For one brilliant Indian restauranteur, however, the solution to global hunger starts at home. Minu Pauline, owner of Pappadavada restaurant in the city of Kochi, had a simple idea: to install a fridge outside Pappadavada for her patrons to store their leftovers and for the city’s impoverished to take from as they please. Shocked into action by the sight of a hungry woman rummaging through trash for food late at night, Pauline decided to create a 24/7 resource for the poor and the hungry.
 Though her work is purely local, Pauline recognizes the larger social implications of her solution. In an interview with HuffPo, she criticizes those who contribute to food waste: “If you’re wasting your money, it’s your money, but you’re wasting the society’s resources” when you let good food spoil or throw it away. Thus Pauline’s efforts can be seen as an attempt to recapture society’s claim over its own resources so that they may benefit the society as a whole.
 Ideas like Pauline’s are more important than ever. Though India may be halfway across the world, Americans would do well to learn from the Pappadavada experiment. According to a recent article in The Guardian, nearly half of all U.S. food produce goes to waste. Though much of this waste is the result of supermarkets rejecting produce with minor visual imperfections, as the article discusses, a larger portion of perfectly edible food is wasted by consumers. This wastefulness is an absolute injustice in a country where one in five households experiences food insecurity.

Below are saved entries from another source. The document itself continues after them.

Lemma partial_sum_bound B w : 0 <= B -> (forall m, normc (a m) * rho ^+ m <= B) ->
  normc w <= rho / 2 -> forall m,
  normc (S w m.+1 - a 0%N) <= 2 * B * (normc w / rho) - 2 * B * (normc w / rho) ^+ m.+1.
Proof.
move=> B0 hB hw; set t := normc w / rho.
have t0 : 0 <= t by rewrite divr_ge0 ?normc_ge0 ?(ltW rho_gt0).
have t_le : t <= 1 / 2 by rewrite ler_pdivrMr //; have := rho_gt0; lra.
elim=> [|m IH]; first by rewrite big_ord1 expr0 mulr1 subrr normc0 expr1 subrr.
have -> : S w m.+2 - a 0%N = (S w m.+1 - a 0%N) + a m.+1 * w ^+ m.+1.
  by rewrite -partial_sumSB; ring.
apply: le_trans (le_normcD _ _) _.
have hterm : normc (a m.+1 * w ^+ m.+1) <= B * t ^+ m.+1.
  have ew : normc w = t * rho by rewrite /t divfK ?gt_eqF.
  by rewrite normcM normcX ew exprMn mulrCA mulrC ler_wpM2r ?exprn_ge0.
have : 0 <= B * t ^+ m.+1 by rewrite mulr_ge0 ?exprn_ge0.
rewrite [t ^+ m.+2]exprS; nra.
Qed.

Lemma power_series_lipschitz0 :
  exists K, \forall w \near (0 : R[i]), normc (f w - f 0) <= K * normc w.
Proof.
have [B B0 hB] := power_series_coef_bound.
have hlim w : normc w <= rho / 2 -> normc (f w - a 0%N) <= 2 * B / rho * normc w.
  move=> hw; have hwr : `|w| < r%:C.
    by rewrite norm_normc ltcR; exact: le_lt_trans hw half_rho_lt_r.
  apply/ler_addgt0Pr => e e0; have [M hM] := cvg_normc_lt e0 (hf hwr).
  have := le_normcD (f w - S w M.+1) (S w M.+1 - a 0%N); rewrite addrA subrK.
  have := hM M.+1 (leqnSn M); have := partial_sum_bound B0 hB hw M.
  have t0 : 0 <= normc w / rho by rewrite divr_ge0 ?normc_ge0 ?(ltW rho_gt0).
  have : 0 <= 2 * B * (normc w / rho) ^+ M.+1 by rewrite !mulr_ge0 ?exprn_ge0.
  have -> : 2 * B / rho * normc w = 2 * B * (normc w / rho) by rewrite mulrAC -!mulrA.
  lra.
have f0 : f 0 = a 0%N.
  apply/eqP; rewrite -subr_eq0; apply/eqP/eq0_normc/eqP.
  rewrite eq_le normc_ge0 andbT; have := hlim 0; rewrite normc0 mulr0; apply.
  by rewrite divr_ge0 ?(ltW rho_gt0).
exists (2 * B / rho); apply/nbhs0_normcP; exists (rho / 2) => [|w /ltW hw].
  by rewrite divr_gt0.
by rewrite f0; exact: hlim.
Qed.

Governments and charities cannot solve this problem alone. Rather, the solution to hunger in a community must begin and end in that community. Soup kitchens, food banks, farmers’ markets, community gardens, hydroponics, and innovative solutions like Pappadavada’s are all major steps towards eradicating local starvation. But to make these local miracles a global reality demands a collective effort. Each and every one of us possesses the power to improve the lives of others. It is only when we see people in our communities as separate from ourselves that we can rationalize away their suffering as “not my problem.” Were we all a little more like Minu Pauline, the world would be forever changed.